Detection of rickettsial DNA has been increasingly reported using eschar tissues or swabs of eschars, although the diagnostic sensitivity of these types of specimens in comparison with traditional blood samples has not been ascertained (Lakos 2002; Wang et al., 2009; Bechah et al., 2011; Mouffok et al., 2011; Myers et al., 2013). Yet, R. rickettsii infections are not usually associated with inoculation eschars, which are rarely observed even in human RMSF patients (Walker et al., 1981; Chen and Sexton 2008), where they would be easier to find than in fur covered animals.

Here we assess whether rickettsial DNA may be identified in skin samples not associated with either eschar, or the site of tick attachment and compare the diagnostic sensitivity of rickettsial DNA detection between blood and skin samples, using guinea pigs as model animals.

2. Materials and methods

Animal studies were conducted at a facility fully-accredited by the Association for the Assessment and Accreditation of Laboratory Animal Care (AAALAC) International. All procedures and husbandry were performed in accordance with the recommendations in the Guide for the Care and Use of Laboratory Animals (8th edition). Animal protocols were pre-approved by the Centers for Disease Control Institutional Animal Care and Use Committee (IACUC) and monitored by a veterinarian stationed on-site.

Analyses presented here combine PCR results from animals used for multiple studies in vector and reservoir competence of SFG Rickettsia spp. The choice of pathogen isolates and the inoculation dosages had been adjusted so not to cause any mortality in the model animals. Therefore, presented results are from cases of relatively mild, nonlethal, or subclinical rickettsial infections.

One to two month-old specific pathogen free male Hartley guinea pigs weighing 400–500 g were acquired from Charles River Laboratories (http://www.criver.com). Animals were infected with R. rickettsii (isolates BSF-Di6 and AZ3), R. parkeri (isolate Longleaf), or R. slovaca-like agent (D. variabilis isolate (Killmaster et al., 2016). Pathogens were introduced either via a tick-bite or through the needle-inoculation route – intraperitoneally. For tick-borne infections, guinea pigs were exposed to 10–20 nymphal ticks (30–50% prevalence of infection) placed into feeding bags glued onto animals’ backs. Needle-inoculated animals were each injected with spleen/liver tissue homogenate containing a standard infectious dose of 105 DNA copies of a specific Rickettsia sp. Tissue homogenates were prepared by grinding liver and spleen of previously infected guinea pigs in Snider-1 buffer (20% tissue suspension) and cryopreserved in liquid nitrogen as inoculation-ready aliquots until used.
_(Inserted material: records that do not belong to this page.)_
(* The map [a ↦ (a_c, ln a_w)] sends interval addition, subtraction, scaling
   and division by a real to the corresponding operations on pairs of reals,
   and its coordinates are dominated by the distance, which is in turn
   dominated by the sum of the coordinate differences.  So both the hypotheses
   and the conclusion split into two real statements, one for [F_c, f_c] and
   one for [ln F_w, ln f_w], each of which is the real fundamental theorem of
   calculus for Riemann sums: on every cell of the partition the mean value
   theorem replaces the increment of the primitive by [f(c) (t_{i+1} - t_i)],
   and uniform continuity of [f] makes [f(c)] close to [f(ξ_i)]. *)
From Stdlib Require Import Reals Lra Lia.
From Coquelicot Require Import Coquelicot.
Open Scope R_scope.

Fixpoint rsum (u : nat -> R) (n : nat) : R :=
  match n with O => 0 | S m => rsum u m + u m end.

Lemma rsum_ext (u v : nat -> R) (n : nat) :
  (forall i, (i < n)%nat -> u i = v i) -> rsum u n = rsum v n.
Proof.
  induction n as [|n IH]; intros Huv; simpl; [reflexivity|].
  rewrite IH, Huv; [reflexivity | lia | intros i Hi; apply Huv; lia].
Qed.

Lemma rsum_telescope (G : R -> R) (t : nat -> R) (n : nat) :
  rsum (fun i => G (t (S i)) - G (t i)) n = G (t n) - G (t O).
Proof. induction n as [|n IH]; simpl; [|rewrite IH]; ring. Qed.

Lemma rsum_abs_sub_le (u v w : nat -> R) (n : nat) :
  (forall i, (i < n)%nat -> Rabs (u i - v i) <= w i) ->
  Rabs (rsum u n - rsum v n) <= rsum w n.
Proof.
  induction n as [|n IH]; intros Hw; simpl.
  - rewrite Rminus_0_r, Rabs_R0; lra.
  - replace (rsum u n + u n - (rsum v n + v n))
      with ((rsum u n - rsum v n) + (u n - v n)) by ring.
    eapply Rle_trans; [apply Rabs_triang|].
    apply Rplus_le_compat; [apply IH; intros i Hi|]; apply Hw; lia.
Qed.

Lemma tagged_partition_in (a b : R) (n : nat) (t xi : nat -> R) :
  tagged_partition a b n t xi -> forall i, (i <= n)%nat -> a <= t i <= b.
Proof.
  intros [Ht0 [Htn [Hinc _]]] i Hi; split.
  - induction i as [|i IH]; [lra|].
    specialize (IH ltac:(lia)); specialize (Hinc i ltac:(lia)); lra.
  - replace i with (n - (n - i))%nat by lia.
    induction (n - i)%nat as [|k IH]; [rewrite Nat.sub_0_r; lra|].
    destruct (Nat.le_gt_cases n k) as [Hk|Hk].
    + replace (n - S k)%nat with (n - k)%nat by lia; exact IH.
    + specialize (Hinc (n - S k)%nat ltac:(lia)).
      replace (S (n - S k)) with (n - k)%nat in Hinc by lia; lra.
Qed.

Definition rcont_on (g : R -> R) (a b : R) : Prop :=
  forall x, a <= x <= b -> forall eps, 0 < eps -> exists delta, 0 < delta /\
    forall y, a <= y <= b -> Rabs (y - x) < delta -> Rabs (g y - g x) < eps.

Definition is_rderive_on (G : R -> R) (a b x l : R) : Prop :=
  forall eps, 0 < eps -> exists delta, 0 < delta /\
    forall h, h <> 0 -> Rabs h < delta -> a <= x + h <= b ->
      Rabs ((G (x + h) - G x) / h - l) < eps.

Definition rriemann_sum (g : R -> R) (n : nat) (t xi : nat -> R) : R :=
  rsum (fun i => (t (S i) - t i) * g (xi i)) n.

Definition is_R_integral (g : R -> R) (a b A : R) : Prop :=
  forall eps, 0 < eps -> exists delta, 0 < delta /\
    forall n t xi, tagged_partition a b n t xi -> mesh_lt n t delta ->
      Rabs (rriemann_sum g n t xi - A) < eps.

Lemma is_rderive_on_rcont_on (G g : R -> R) (a b : R) :
  (forall x, a <= x <= b -> is_rderive_on G a b x (g x)) -> rcont_on G a b.
Proof.
  intros HG x Hx eps Heps.
  destruct (HG x Hx 1 Rlt_0_1) as [d [Hd Hslope]].
  set (K := 1 + Rabs (g x)).
  assert (HK : 0 < K) by (unfold K; pose proof (Rabs_pos (g x)); lra).
  exists (Rmin d (eps / K)); split.
  { apply Rmin_pos; [lra | apply Rdiv_lt_0_compat; lra]. }
  intros y Hy Hyx.
  destruct (Req_dec y x) as [->|Hne]; [rewrite Rminus_diag, Rabs_R0; lra|].
  assert (Hh : y - x <> 0) by lra.
  assert (Hq := Hslope (y - x) Hh ltac:(pose proof (Rmin_l d (eps / K)); lra)
                  ltac:(replace (x + (y - x)) with y by ring; lra)).
  replace (x + (y - x)) with y in Hq by ring.
  set (q := (G y - G x) / (y - x)) in Hq.
  assert (Hq_bound : Rabs q <= K).
  { replace q with ((q - g x) + g x) by ring.
    eapply Rle_trans; [apply Rabs_triang|]; unfold K; lra. }
  assert (Hh_bound : Rabs (y - x) * K < eps).
  { pose proof (Rmin_r d (eps / K)).
    apply (Rmult_lt_compat_r K) in Hyx; [|lra].
    replace eps with (eps / K * K) by (field; lra).
    eapply Rlt_le_trans; [exact Hyx|].
    apply Rmult_le_compat_r; lra. }
  replace (G y - G x) with (q * (y - x)) by (unfold q; field; exact Hh).
  rewrite Rabs_mult.
  pose proof (Rabs_pos q); pose proof (Rabs_pos (y - x)); nra.
Qed.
Guinea pigs were observed for the duration of one to three weeks depending on the goal of an individual study. During the observation period, the core temperature and signs of infection of each animal was recorded daily. In guinea pigs infected with R. rick-ettsii, the core temperature usually rose above 39.5 °C at 5–9 days after infection depending on the strain of the pathogen and the mode of infection; and the fever period lasted for 2–7 days. Majority of guinea pigs infected with either R. parkeri or R. slovaca-like agent exhibited only subfebrile temperatures.

Paired blood and skin samples were collected for PCR 2–3 times per week. Skin samples consisted of 2 mm punch biopsies weighing 2 mg taken from an ear, and EDTA-anticoagulated blood samples (100 µl) were collected from a lacerated ear vein. At the end of each individual study, all guinea pigs were euthanized and 5 mg samples of internal organs (liver, spleen, and lung) were also collected for PCR. Blood, skin, and internal tissue samples were immediately stored at −20 °C until DNA extraction. DNA from skin and internal tissues was extracted using the DNeasy Blood & Tissue kit, and DNA from blood samples was extracted with FlexiGene DNA Kit (Qiagen, Gaithersburg, Maryland, USA) according to the manufacturer’s protocols with the final elution volume of 100 µl for all samples. The presence of rickettsial DNA was detected by SYBR green-based PCR assay targeting a 154-bp fragment of the rOmpA gene as described (Eremeeva et al., 2003). All samples were tested in duplicates using 5 µl of the eluted DNA for each reaction. Accordingly, DNA equivalents of 5 µl of whole blood, 0.1 mg of skin tissue, 0.5 mg of internal tissues were represented in each PCR reaction.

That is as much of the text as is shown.